Drew, the experimental data is simply being misinterpreted on the short chamber comment. He's putting forth one theory, which cannot be correct because of the constant acceleration in the bore.

We're talking hundreds of G's here. No pellets are going to fly ahead of the end of the shot stack while in the first part of the bore. The shot column does transition from cartridge diameter to bore diameter, but it enters the choke section as a cylinder.

The most likely answer to his observed increase in pattern density, and indeed the only possible one, is that the shell mouth interference distorted the spherical shape of the rather large (#4) pellets less than the control load in a standard length chamber.

The odd shape pellets that pattern so tightly demonstrate the predominance of aerodynamic effects on shot dispersal. Those pellets quickly stabilize in flight with the projections acting as fletching on an arrow. They don't tumble constantly like the scrubbed lead pellets do that have flat sides.

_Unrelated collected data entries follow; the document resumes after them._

(* A semigroup $X$ is inverse if and only if there is an inverse subsemigroup $S\subset\upsilon(X)$ with $X\subset S$ (where $X$ is identified with the set of principal ultrafilters $\langle x\rangle$, $x\in X$).
   Context: An upfamily on $X$ is a family of nonempty subsets of $X$ closed under taking supersets in $X$; $\upsilon(X)$ is the set of all upfamilies, with operation $\mathcal A*\mathcal B=\big\langle \bigcup_{a\in A} a*B_a : A\in\mathcal A,\ \{B_a\}_{a\in A}\subset\mathcal B\big\rangle$, where $\langle\mathcal C\rangle=\{A\subset X:\exists C\in\mathcal C,\ C\subset A\}$; $x\in X$ is identified with $\langle x\rangle=\{A\subset X:x\in A\}$. A semigroup $S$ is inverse if each $x\in S$ has a unique $x^{-1}\in S$ with $xx^{-1}x=x$ and $x^{-1}xx^{-1}=x^{-1}$. *)

From Stdlib Require Import Classical FunctionalExtensionality PropExtensionality.

Section Upfam.
Variable X : Type.
Variable op : X -> X -> X.

Definition is_semigroup : Prop :=
  forall x y z, op (op x y) z = op x (op y z).

Definition is_inverse_semigroup : Prop :=
  forall x, exists! y, op (op x y) x = x /\ op (op y x) y = y.

Definition is_upfamily (F : (X -> Prop) -> Prop) : Prop :=
  (forall A, F A -> exists x, A x) /\
  (forall A B, F A -> (forall x, A x -> B x) -> F B).

Definition principal (x : X) : (X -> Prop) -> Prop := fun A => A x.

(* A * B = < { U_{a in A} a * B_a : A in F, (B_a)_{a in A} in G } > *)
Definition upfam_mul (F G : (X -> Prop) -> Prop) : (X -> Prop) -> Prop :=
  fun C => exists A, F A /\
    exists Bf : X -> (X -> Prop),
      (forall a, A a -> G (Bf a)) /\
      (forall a b, A a -> Bf a b -> C (op a b)).

Definition is_inverse_subsemigroup_upsilon
    (S : ((X -> Prop) -> Prop) -> Prop) : Prop :=
  (forall F, S F -> is_upfamily F) /\
  (forall F G, S F -> S G -> S (upfam_mul F G)) /\
  (forall F, S F -> exists! G, S G /\
       upfam_mul (upfam_mul F G) F = F /\ upfam_mul (upfam_mul G F) G = G).
End Upfam.

(* The map x |-> <x> is an injective homomorphism X -> upsilon(X)
   ([principal_mul], [principal_inj]); hence x, y are mutually inverse in X
   exactly when <x>, <y> are mutually inverse in upsilon(X)
   ([principal_inverse_pair]).
   - If X is inverse, the image {<x> | x in X} is itself an inverse
     subsemigroup of upsilon(X) ([principal_image_inverse]).
   - Conversely, let S be such a subsemigroup and G the inverse of <x> in S.
     Unfolding <x> * G * <x> = <x> on the set {x} produces b with x b x = x
     ([regular_of_upfamily_inverse]); then b x b is an inverse of x
     ([regular_inverse]).  Any inverse y of x gives an inverse <y> of <x>
     inside S, so <y> = G by uniqueness in S, and injectivity of <_>
     makes y unique. *)
From Stdlib Require Import FunctionalExtensionality PropExtensionality.

Section PrincipalUltrafilters.
Variable X : Type.
Variable op : X -> X -> X.

Local Notation "<< x >>" := (principal X x).
Local Notation "F ** G" := (upfam_mul X op F G) (at level 40, left associativity).

Definition inverse_pair (x y : X) : Prop :=
  op (op x y) x = x /\ op (op y x) y = y.

Definition upfam_inverse_pair (F G : (X -> Prop) -> Prop) : Prop :=
  F ** G ** F = F /\ G ** F ** G = G.

Lemma principal_mul (x y : X) : <<x>> ** <<y>> = <<op x y>>.
Proof.
  apply functional_extensionality; intro C; apply propositional_extensionality.
  unfold upfam_mul, principal; split.
  - intros [A [HA [Bf [HB HC]]]]. apply HC; auto.
  - intro HC. exists (fun t => t = x). split; [reflexivity|].
    exists (fun _ t => t = y). split; [intros; reflexivity|].
    intros a b -> ->; exact HC.
Qed.

Lemma principal_inj (a b : X) : <<a>> = <<b>> -> a = b.
Proof.
  intro H. assert (E := f_equal (fun F => F (fun t => t = a)) H).
  simpl in E. unfold principal in E. symmetry. rewrite <- E. reflexivity.
Qed.

Lemma principal_upfamily (x : X) : is_upfamily X <<x>>.
Proof.
  split.
  - intros A HA. exists x. exact HA.
  - intros A B HA HAB. exact (HAB x HA).
Qed.

Lemma principal_inverse_pair (x y : X) :
  inverse_pair x y <-> upfam_inverse_pair <<x>> <<y>>.
Proof.
  unfold inverse_pair, upfam_inverse_pair. rewrite !principal_mul.
  split.
  - intros [E1 E2]. rewrite E1, E2. split; reflexivity.
  - intros [E1 E2]. split; apply principal_inj; assumption.
Qed.

(* If <x> * G * <x> = <x> for an upfamily G, then x is regular: the set {x}
   lies in <x> * G * <x>, and unfolding the product yields x = x b x for
   any b in the (nonempty) member of G attached to x. *)
Lemma regular_of_upfamily_inverse (x : X) (G : (X -> Prop) -> Prop) :
  is_upfamily X G -> <<x>> ** G ** <<x>> = <<x>> ->
  exists b, op (op x b) x = x.
Proof.
  intros [Hne _] E.
  assert (Hx : (<<x>> ** G ** <<x>>) (fun t => t = x)) by (rewrite E; reflexivity).
  destruct Hx as [A [[A' [HA' [Bf' [HG HA]]]] [Bf [Hx HC]]]].
  destruct (Hne _ (HG x HA')) as [b Hb].
  exists b. apply HC; [apply HA; auto|]. apply Hx. apply HA; auto.
Qed.

Lemma principal_image_inverse :
  is_inverse_semigroup X op ->
  is_inverse_subsemigroup_upsilon X op (fun F => exists x, F = <<x>>).
Proof.
  intro Hinv. split; [|split].
  - intros F [x ->]. apply principal_upfamily.
  - intros F G [x ->] [y ->]. exists (op x y). apply principal_mul.
  - intros F [x ->]. destruct (Hinv x) as [y [Hxy Huniq]].
    exists <<y>>. split.
    + split; [eauto|]. apply principal_inverse_pair, Hxy.
    + intros G [[z ->] Hxz]. f_equal. apply Huniq, principal_inverse_pair, Hxz.
Qed.

Hypothesis Hsg : is_semigroup X op.

Lemma regular_inverse (x b : X) :
  op (op x b) x = x -> inverse_pair x (op (op b x) b).
Proof.
  intro Hb.
  assert (Hb' : op x (op b x) = x) by (rewrite <- Hsg; exact Hb).
  assert (Hbw : forall w, op x (op b (op x w)) = op x w)
    by (intro w; rewrite <- (Hsg b x w), <- Hsg, Hb'; reflexivity).
  unfold inverse_pair. rewrite !Hsg, !Hbw, ?Hb'. split; reflexivity.
Qed.

Lemma inverse_of_inverse_subsemigroup (S : ((X -> Prop) -> Prop) -> Prop) :
  is_inverse_subsemigroup_upsilon X op S -> (forall x, S <<x>>) ->
  is_inverse_semigroup X op.
Proof.
  intros [Hup [_ Hinv]] Hprin x.
  destruct (Hinv _ (Hprin x)) as [G [[HG [E1 _]] HG_uniq]].
  destruct (regular_of_upfamily_inverse x G (Hup _ HG) E1) as [b Hb].
  assert (Hto_G : forall z, inverse_pair x z -> <<z>> = G).
  { intros z Hxz. symmetry. apply HG_uniq.
    split; [apply Hprin|]. apply principal_inverse_pair, Hxz. }
  exists (op (op b x) b). split.
  - apply regular_inverse, Hb.
  - intros y Hxy. apply principal_inj.
    rewrite (Hto_G y Hxy). apply Hto_G, regular_inverse, Hb.
Qed.

End PrincipalUltrafilters.

Theorem corollary3p2 (X : Type) (op : X -> X -> X) (Hsg : is_semigroup X op) :
  is_inverse_semigroup X op <->
  exists S : ((X -> Prop) -> Prop) -> Prop,
    is_inverse_subsemigroup_upsilon X op S /\ (forall x, S (principal X x)).
Proof.
  split.
  - intro Hinv. exists (fun F => exists x, F = principal X x). split.
    + apply principal_image_inverse, Hinv.
    + intro x. exists x. reflexivity.
  - intros [S [HS Hprin]]. exact (inverse_of_inverse_subsemigroup X op Hsg S HS Hprin).
Qed.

Brent, as I've tried to explain it's aerodynamic forces that spread a shot cloud. The speed differential I refer to is pellet to pellet speed difference. All the shot is not accelerated to the same velocity by the choke. The leading pellets are going faster, and retain that differential for a good distance as evidenced by the continuing lengthening of the shot stream as shown in the photos. Even with the increased drag on the leading pellets and the following ones flying in their 'draft' it takes quite a bit of travel for the dispersal to equal what a cylinder choke shot cloud looks like at a shorter range.

Profiles of common skeet chokes are available on the interweb.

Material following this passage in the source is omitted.